# Source data
(* Let $\mathcal F$ be the set of free superintegrable systems on the complex Euclidean plane, i.e. of $3$-dimensional linear subspaces $W$ of the space of Killing tensors with $g\in W$. For $W\in\mathcal F$ let $P_W:=\{L\in S^2_0:\ L-(\operatorname{tr}L)g\in W\}$. Then $W\mapsto P_W$ is a bijection from $\mathcal F$ onto the Grassmannian $G_2(S^2_0)$ of $2$-planes in the $5$-dimensional space $S^2_0$, and composing with the Plücker map $\operatorname{span}\{L^1,L^2\}\mapsto(a_{ij})\in\mathbb P^9$ identifies $\mathcal F$ with the $6$-dimensional projective variety of skew-symmetric $5\times5$ matrices $$\begin{bmatrix}0&a_{30}&a_{20}&a_{10}&a_{00}\\-a_{30}&0&a_{21}&a_{11}&a_{01}\\-a_{20}&-a_{21}&0&a_{12}&a_{02}\\-a_{10}&-a_{11}&-a_{12}&0&a_{03}\\-a_{00}&-a_{01}&-a_{02}&-a_{03}&0\end{bmatrix}$$ of rank two (up to scalar), i.e. with the subvariety of $\mathbb P^9$ defined by the Plücker relations $a_{03}a_{21}-a_{02}a_{11}+a_{01}a_{12}=0$, $a_{03}a_{20}-a_{02}a_{10}+a_{00}a_{12}=0$, $a_{03}a_{30}-a_{01}a_{10}+a_{00}a_{11}=0$, $a_{02}a_{30}-a_{01}a_{20}+a_{00}a_{21}=0$, $a_{12}a_{30}-a_{11}a_{20}+a_{10}a_{21}=0$.
   Context: Work on the complex Euclidean plane $\mathbb C^2$ with null coordinates $(z,w)$ and the flat holomorphic metric $g$ with $g_{zz}=g_{ww}=0$, $g_{zw}=g_{wz}=1$. A Killing tensor is a symmetric tensor field $K$ with $K_{ij,k}+K_{jk,i}+K_{ki,j}=0$; a special conformal Killing tensor (SCKT) is a symmetric tensor field $L$ with $L_{ij,k}=\tfrac12(\lambda_ig_{jk}+\lambda_jg_{ik})$, $\lambda=\operatorname{tr}L=g^{ij}L_{ij}$, $\lambda_i=\partial_i\lambda$. On this plane the SCKTs are exactly the tensors with components $L_{zz}=A_{zz}+2b_zw+cw^2$, $L_{ww}=A_{ww}+2b_wz+cz^2$, $L_{zw}=A_{zw}+b_zz+b_ww+czw$ for complex constants $A_{zz},A_{zw},A_{ww},b_z,b_w,c$, and $L\mapsto L-(\operatorname{tr}L)g$ is a linear isomorphism from SCKTs onto Killing tensors sending $g$ to $-g$. Let $S^2_0$ be the $5$-dimensional space of SCKTs with $A_{zw}=0$. For $L^1,L^2\in S^2_0$ (with parameters carrying superscripts $1,2$) the Plücker coordinates of $\operatorname{span}\{L^1,L^2\}$ are $a_{30}=2(A^1_{zz}b^2_z-b^1_zA^2_{zz})$, $a_{20}=A^1_{zz}c^2-c^1A^2_{zz}$, $a_{10}=2(A^1_{zz}b^2_w-b^1_wA^2_{zz})$, $a_{00}=A^1_{zz}A^2_{ww}-A^1_{ww}A^2_{zz}$, $a_{21}=2(b^1_zc^2-c^1b^2_z)$, $a_{11}=4(b^1_zb^2_w-b^1_wb^2_z)$, $a_{01}=2(b^1_zA^2_{ww}-A^1_{ww}b^2_z)$, $a_{12}=2(c^1b^2_w-b^1_wc^2)$, $a_{02}=c^1A^2_{ww}-A^1_{ww}c^2$, $a_{03}=2(b^1_wA^2_{ww}-A^1_{ww}b^2_w)$, regarded as a point of $\mathbb P^9$. *)

From HB Require Import structures.
From mathcomp Require Import all_boot all_order all_algebra.
Set Implicit Arguments. Unset Strict Implicit. Unset Printing Implicit Defensive.
Import Order.TTheory GRing.Theory Num.Theory.
Local Open Scope ring_scope.
(* There exists an absolute constant $c > 0$ such that for every even $n \in \mathbb{N}$ and every integer $m \geqslant \sqrt{n}$, the number of sum-free subsets of $[n]$ of size $m$ is at least $2^{cn/m} \binom{n/2}{m}$.
   Context: $[n] = \{1,\ldots,n\}$. A set of integers is sum-free if it contains no $x,y,z$ (not necessarily distinct) with $x+y=z$. The paper writes the conclusion as $2^{\Omega(n/m)}\binom{n/2}{m}$, with $\Omega(\cdot)$ hiding an absolute constant. *)

From Stdlib Require Import Reals.
From mathcomp Require Import all_boot.

(* Subsets of [n] = {1,...,n} are encoded as sets A : {set 'I_n}, where the
   ordinal i stands for the integer i+1. *)

Definition sum_free (n : nat) (A : {set 'I_n}) : bool :=
  [forall x in A, forall y in A, forall z in A, (x.+1 + y.+1 != z.+1)%N].

Definition num_sum_free (n m : nat) : nat :=
  #|[set A : {set 'I_n} | sum_free n A & (#|A| == m)%N]|%N.

(* Write n = 2N and q = N / m.  If q < 3000, the m-subsets of the odd integers
   and those of {N+1, ..., 2N} are sum-free, and only C(N-1, m) sets are of both
   kinds, so there are at least (1 + m/N) C(N, m) >= 2^(cn/m) C(N, m) of them.
   If q >= 3000, let t = q / 320, k = 4t and d = k(2q+3).  Pick k elements X in
   (N-d, N], k elements Y in (N, N+d] and m - 2k elements in (N+d, 2N] avoiding
   the at most 2k^2 sums X + X and X + Y: the union is sum-free and determines
   the three parts.  Since C(d, k)^2 >= (4(q+1))^(2k) / 4, while giving up 2k
   elements of the top interval costs at most (a/(m-2k))^(2k) <= ((40/39)(q+1))^(2k)
   and shrinking it to a = N - d - 2k^2 costs at most 3^(9t+1), the count is at
   least (16 (39/40)^2)^k / (4 3^(9t+1)) C(N, m) >= 2^t C(N, m) >= 2^(cn/m) C(N, m). *)

From Stdlib Require Import Reals Lra.
From mathcomp Require Import all_boot zify.

Set Implicit Arguments.
Unset Strict Implicit.

Lemma leq_expn2r m n e : m <= n -> m ^ e <= n ^ e.
Proof. by move=> lemn; elim: e => // e IH; rewrite !expnS leq_mul. Qed.

Lemma bernoulli_expn x k : x ^ k * (x + k) <= (x + 1) ^ k * x.
Proof.
elim: k => [|k IH]; first by rewrite addn0.
by move: IH; rewrite !expnS; nia.
Qed.

Lemma expn_succ_ge k : 0 < k -> 2 * k ^ k <= k.+1 ^ k.
Proof.
move=> k_gt0; rewrite -(leq_pmul2r k_gt0) -[k.+1]addn1.
by apply: leq_trans (bernoulli_expn k k); rewrite addnn -mul2n mulnCA mulnA.
Qed.

Lemma expn2_fact_le k : 2 ^ k * k`! <= 2 * k ^ k.
Proof.
elim: k => [|k IH] //; case: (posnP k) => [-> // | k_gt0].
have := expn_succ_ge k_gt0.
rewrite factS expnS expnSr; nia.
Qed.

Lemma leq_expn_ffact d k : (d - k) ^ k <= d ^_ k.
Proof.
elim: k d => [|k IH] [|d] //; first by rewrite sub0n exp0n.
by rewrite ffactSS expnS subSS leq_mul // (leq_trans (leq_subr k d)).
Qed.

Lemma bin_ge_expn d k : 2 ^ k * (d - k) ^ k <= 'C(d, k) * (2 * k ^ k).
Proof.
apply: (@leq_trans (2 ^ k * ('C(d, k) * k`!))).
  by rewrite leq_mul2l bin_ffact leq_expn_ffact orbT.
by rewrite mulnCA leq_mul2l expn2_fact_le orbT.
Qed.

Lemma bin_subn_le a m j : j <= m -> 'C(a, m) * (m - j) ^ j <= 'C(a, m - j) * a ^ j.
Proof.
elim: j => [|j IH] lejm; first by rewrite subn0 !expn0.
set i := m - j.+1; have e : m - j = i.+1 by rewrite /i; lia.
have step : i * 'C(a, i.+1) <= a * 'C(a, i).
  apply: (@leq_trans (i.+1 * 'C(a, i.+1))); first by rewrite leq_mul2r leqnSn orbT.
  by rewrite mul_bin_left leq_mul2r leq_subr orbT.
have := IH (ltnW lejm); rewrite e => IHj.
rewrite expnSr expnS mulnA.
apply: (@leq_trans ('C(a, i.+1) * a ^ j * i)).
  rewrite leq_mul2r; apply/orP; right; apply: leq_trans IHj.
  by rewrite leq_mul2l leq_expn2r ?orbT.
by rewrite mulnAC [_ * i]mulnC mulnA [_ * a]mulnC leq_mul2r step orbT.
Qed.

Lemma bin_succ_le a b m : a <= b.+1 -> 'C(b.+1, m) * (a - m) <= a * 'C(b, m).
Proof.
move=> leab; case: (leqP a m) => [leam | ltma].
  by move: leam; rewrite -subn_eq0 => /eqP ->; rewrite muln0.
have gt0 : 0 < b.+1 - m by lia.
rewrite -(leq_pmul2r gt0) mulnAC [_ * (b.+1 - m)]mulnC -mul_bin_down /=.
have [s es] : exists s, a = m + s by exists (a - m); lia.
have [r er] : exists r, b.+1 = m + r by exists (b.+1 - m); lia.
have les : s <= r by lia.
rewrite es er !addKn; nia.
Qed.

Lemma bin_addn_le a D m : 'C(a + D, m) * (a - m) ^ D <= 'C(a, m) * a ^ D.
Proof.
elim: D => [|D IH]; first by rewrite addn0.
rewrite addnS !expnS mulnA.
apply: (@leq_trans (a * 'C(a + D, m) * (a - m) ^ D)).
  by rewrite leq_mul2r bin_succ_le ?orbT //; lia.
by rewrite -mulnA [X in _ <= X]mulnCA leq_mul2l IH orbT.
Qed.

Lemma cardsU_disjoint (T : finType) (A B : {set T}) :
  [disjoint A & B] -> #|A :|: B| = #|A| + #|B|.
Proof. by move=> AB; apply/eqP; rewrite (leq_card_setU A B).2. Qed.

Lemma setIU3_disjoint (T : finType) (A B C P : {set T}) :
  A \subset P -> [disjoint B & P] -> [disjoint C & P] -> (A :|: B :|: C) :&: P = A.
Proof.
by move=> /setIidPl AP /disjoint_setI0 BP /disjoint_setI0 CP; rewrite !setIUl AP BP CP !setU0.
Qed.

Definition draws (T : finType) (A : {set T}) j := [set B : {set T} | B \subset A & #|B| == j].

Definition ord_interval n lo hi : {set 'I_n} := [set i : 'I_n | lo <= i < hi].

Lemma card_ord_interval n lo hi : hi <= n -> #|ord_interval n lo hi| = hi - lo.
Proof.
move=> le_hi; have shift_lt (j : 'I_(hi - lo)) : lo + j < n.
  by have := ltn_ord j; lia.
pose shift j := Ordinal (shift_lt j).
have shift_inj : injective shift.
  by move=> j1 j2 /(congr1 val) /= /addnI /val_inj.
suff -> : ord_interval n lo hi = shift @: setT by rewrite card_imset // cardsT card_ord.
apply/setP => i; rewrite inE; apply/idP/imsetP => [/andP[lo_i i_hi] | [j _ ->]].
  have j_lt : i - lo < hi - lo by lia.
  by exists (Ordinal j_lt); rewrite ?inE //; apply: val_inj => /=; lia.
by have := ltn_ord j; rewrite /=; lia.
Qed.

Lemma disjoint_ord_interval n lo1 hi1 lo2 hi2 :
  hi1 <= lo2 -> [disjoint ord_interval n lo1 hi1 & ord_interval n lo2 hi2].
Proof.
move=> le12; rewrite -setI_eq0; apply/eqP/setP => i; rewrite !inE.
by apply/negbTE/negP => /andP[/andP[_ ?] /andP[? _]]; lia.
Qed.

Lemma subset_ord_interval n lo hi (A : {set 'I_n}) x :
  A \subset ord_interval n lo hi -> x \in A -> lo <= x < hi.
Proof. by move=> /subsetP sA /sA; rewrite inE. Qed.

Lemma sum_freeP n (A : {set 'I_n}) :
  reflect (forall x y z, x \in A -> y \in A -> z \in A -> x.+1 + y.+1 != z.+1)
          (sum_free n A).
Proof.
apply: (iffP idP) => [sfA x y z xA yA zA | H].
  by move: sfA => /forall_inP/(_ x xA)/forall_inP/(_ y yA)/forall_inP/(_ z zA).
by apply/forall_inP => x xA; apply/forall_inP => y yA; apply/forall_inP => z zA; apply: H.
Qed.

(* [ord_sum (x, y)] encodes the integer (x+1)+(y+1); the default [x] is a junk value
   used only when that sum exceeds [n]. *)
Definition ord_sum {n} (p : 'I_n * 'I_n) : 'I_n := insubd p.1 (p.1 + p.2).+1.

Lemma ord_sumE n (x y z : 'I_n) : x.+1 + y.+1 = z.+1 -> ord_sum (x, y) = z.
Proof.
move=> xyz; apply: val_inj; rewrite /ord_sum val_insubd /=.
by have := ltn_ord z; case: ifP; lia.
Qed.

Section Construction.

Variables N d k m : nat.
Hypothesis d_small : 3 * d <= N.

Local Notation n := (N + N).

Definition low := ord_interval n (N - d) N.
Definition mid := ord_interval n N (N + d).
Definition high := ord_interval n (N + d) n.

Definition forbidden (X Y : {set 'I_n}) := ord_sum @: setX X (X :|: Y).

Lemma forbiddenP (X Y : {set 'I_n}) (x y z : 'I_n) :
  x \in X -> y \in X :|: Y -> x.+1 + y.+1 = z.+1 -> z \in forbidden X Y.
Proof. by move=> xX yXY /ord_sumE <-; apply/imsetP; exists (x, y); rewrite // in_setX xX. Qed.

Lemma card_forbidden (X Y : {set 'I_n}) : #|forbidden X Y| <= #|X| * (#|X| + #|Y|).
Proof.
apply: leq_trans (leq_imset_card _ _) _.
by rewrite cardsX leq_mul2l (leq_card_setU X Y) orbT.
Qed.

Lemma sum_free_union (X Y Z : {set 'I_n}) :
  X \subset low -> Y \subset mid -> Z \subset high :\: forbidden X Y ->
  sum_free n (X :|: Y :|: Z).
Proof.
move=> sX sY sZ; have sZh := subset_trans sZ (subsetDl _ _).
have inX := subset_ord_interval sX; have inY := subset_ord_interval sY.
have inZ := subset_ord_interval sZh.
have lo w : w \in X :|: Y :|: Z -> N - d <= w.
  by rewrite !inE => /orP[/orP[/inX | /inY] | /inZ]; lia.
apply/sum_freeP => x y z xU yU zU; apply/eqP => xyz.
move: (ltn_ord z) (lo x xU) (lo y yU) => z_lt x_ge y_ge.
case/setUP: zU => [/setUP[/inX | /inY] | zZ]; try lia.
have [/inZ | xZ] := boolP (x \in Z); first lia.
have [/inZ | yZ] := boolP (y \in Z); first lia.
have /setDP[_ /negP] := subsetP sZ z zZ; apply.
rewrite !inE (negbTE xZ) (negbTE yZ) !orbF in xU yU.
case/orP: xU => [xX | xY]; first by apply: forbiddenP xX _ xyz; rewrite inE.
case/orP: yU => [yX | /inY y_mid]; last by have := inY x xY; clear -xyz z_lt y_mid; lia.
by apply: (forbiddenP (y := x) yX); [rewrite inE xY orbT | rewrite addnC].
Qed.

Lemma disjoint_low_mid : [disjoint low & mid].
Proof. exact: disjoint_ord_interval. Qed.

Lemma disjoint_low_high : [disjoint low & high].
Proof. by apply: disjoint_ord_interval; rewrite leq_addr. Qed.

Lemma disjoint_mid_high : [disjoint mid & high].
Proof. exact: disjoint_ord_interval. Qed.

Section Blocks.

Variables X Y Z : {set 'I_n}.
Hypotheses (sX : X \subset low) (sY : Y \subset mid) (sZ : Z \subset high).

Lemma card_union_blocks : #|X :|: Y :|: Z| = #|X| + #|Y| + #|Z|.
Proof.
rewrite !cardsU_disjoint //; first exact: disjointW sX sY disjoint_low_mid.
rewrite -setI_eq0 setIUl !disjoint_setI0 ?setU0 //.
  exact: disjointW sY sZ disjoint_mid_high.
exact: disjointW sX sZ disjoint_low_high.
Qed.

Lemma union_blocksIlow : (X :|: Y :|: Z) :&: low = X.
Proof.
apply: setIU3_disjoint sX _ _; rewrite disjoint_sym.
  exact: disjointWr sY disjoint_low_mid.
exact: disjointWr sZ disjoint_low_high.
Qed.

Lemma union_blocksImid : (X :|: Y :|: Z) :&: mid = Y.
Proof.
rewrite [X :|: Y]setUC; apply: setIU3_disjoint sY _ _.
  exact: disjointWl sX disjoint_low_mid.
by rewrite disjoint_sym; exact: disjointWr sZ disjoint_mid_high.
Qed.

Lemma union_blocksIhigh : (X :|: Y :|: Z) :&: high = Z.
Proof.
rewrite setUC setUA; apply: setIU3_disjoint sZ _ _.
  exact: disjointWl sX disjoint_low_high.
exact: disjointWl sY disjoint_mid_high.
Qed.

End Blocks.

Lemma card_high_free (X Y : {set 'I_n}) :
  #|X| = k -> #|Y| = k -> N - d - 2 * k * k <= #|high :\: forbidden X Y|.
Proof.
move=> cX cY; rewrite cardsD card_ord_interval // subnDl leq_sub2l //.
apply: leq_trans (subset_leq_card (subsetIr _ _)) _; apply: leq_trans (card_forbidden X Y) _.
by rewrite cX cY addnn -mul2n mulnCA mulnA.
Qed.

Definition triple := ({set 'I_n} * {set 'I_n} * {set 'I_n})%type.

Definition triples := [set p : triple | [&& p.1.1 \in draws low k, p.1.2 \in draws mid k &
  p.2 \in draws (high :\: forbidden p.1.1 p.1.2) (m - 2 * k)]].

Lemma card_triples :
  'C(d, k) * 'C(d, k) * 'C(N - d - 2 * k * k, m - 2 * k) <= #|triples|.
Proof.
pose P (XY : {set 'I_n} * {set 'I_n}) := (XY.1 \in draws low k) && (XY.2 \in draws mid k).
pose Q (XY : {set 'I_n} * {set 'I_n}) Z := Z \in draws (high :\: forbidden XY.1 XY.2) (m - 2 * k).
have -> : #|triples| = \sum_(XY | P XY) \sum_(Z | Q XY Z) 1.
  by rewrite pair_big_dep -sum1_card; apply: eq_bigl => p; rewrite inE andbA.
apply: (@leq_trans (\sum_(XY | P XY) 'C(N - d - 2 * k * k, m - 2 * k))).
  rewrite sum_nat_const; apply: leq_mul => //.
  have -> : #|[pred XY | P XY]| = #|setX (draws low k) (draws mid k)|.
    by apply: eq_card => -[X Y]; rewrite in_setX.
  have d_le : d <= N by lia.
  by rewrite cardsX !cards_draws !card_ord_interval ?leq_addr ?leq_add2l ?subKn ?addKn.
apply: leq_sum => -[X Y] /andP[]; rewrite /= !inE => /andP[_ /eqP cX] /andP[_ /eqP cY].
by rewrite sum1_card cards_draws leq_bin2l // card_high_free.
Qed.

Hypothesis k_small : 2 * k <= m.

Lemma triplesP X Y Z : (X, Y, Z) \in triples ->
  [/\ X \subset low, Y \subset mid, Z \subset high :\: forbidden X Y & #|X :|: Y :|: Z| = m].
Proof.
rewrite !inE /= => /and3P[/andP[sX /eqP cX] /andP[sY /eqP cY] /andP[sZ /eqP cZ]].
split=> //; rewrite card_union_blocks // ?cX ?cY ?cZ; first lia.
exact: subset_trans sZ (subsetDl _ _).
Qed.

Lemma card_triples_le_num : #|triples| <= num_sum_free n m.
Proof.
pose union3 (p : triple) := p.1.1 :|: p.1.2 :|: p.2.
have union3_inj : {in triples &, injective union3}.
  move=> [[X Y] Z] [[X' Y'] Z'] /triplesP[sX sY /subsetDP[sZ _] _].
  move=> /triplesP[sX' sY' /subsetDP[sZ' _] _]; rewrite /union3 /= => e.
  have -> : X = X' by rewrite -(union_blocksIlow sX sY sZ) e union_blocksIlow.
  have -> : Y = Y' by rewrite -(union_blocksImid sX sY sZ) e union_blocksImid.
  by rewrite -(union_blocksIhigh sX sY sZ) e union_blocksIhigh.
rewrite -(card_in_imset union3_inj); apply: subset_leq_card.
apply/subsetP => _ /imsetP[[[X Y] Z] /triplesP[sX sY sZ cU] ->].
by rewrite inE sum_free_union //= cU eqxx.
Qed.

Lemma num_sum_free_ge_blocks :
  'C(d, k) * 'C(d, k) * 'C(N - d - 2 * k * k, m - 2 * k) <= num_sum_free n m.
Proof. exact: leq_trans card_triples card_triples_le_num. Qed.

End Construction.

# Exercise brief
Go back to the listing above. Copy word for word the lines from the one with "From HB Require Import structures." through the one with "Local Open Scope ring_scope.", and nothing more.

# Finished exercise
From HB Require Import structures.
From mathcomp Require Import all_boot all_order all_algebra.
Set Implicit Arguments. Unset Strict Implicit. Unset Printing Implicit Defensive.
Import Order.TTheory GRing.Theory Num.Theory.
Local Open Scope ring_scope.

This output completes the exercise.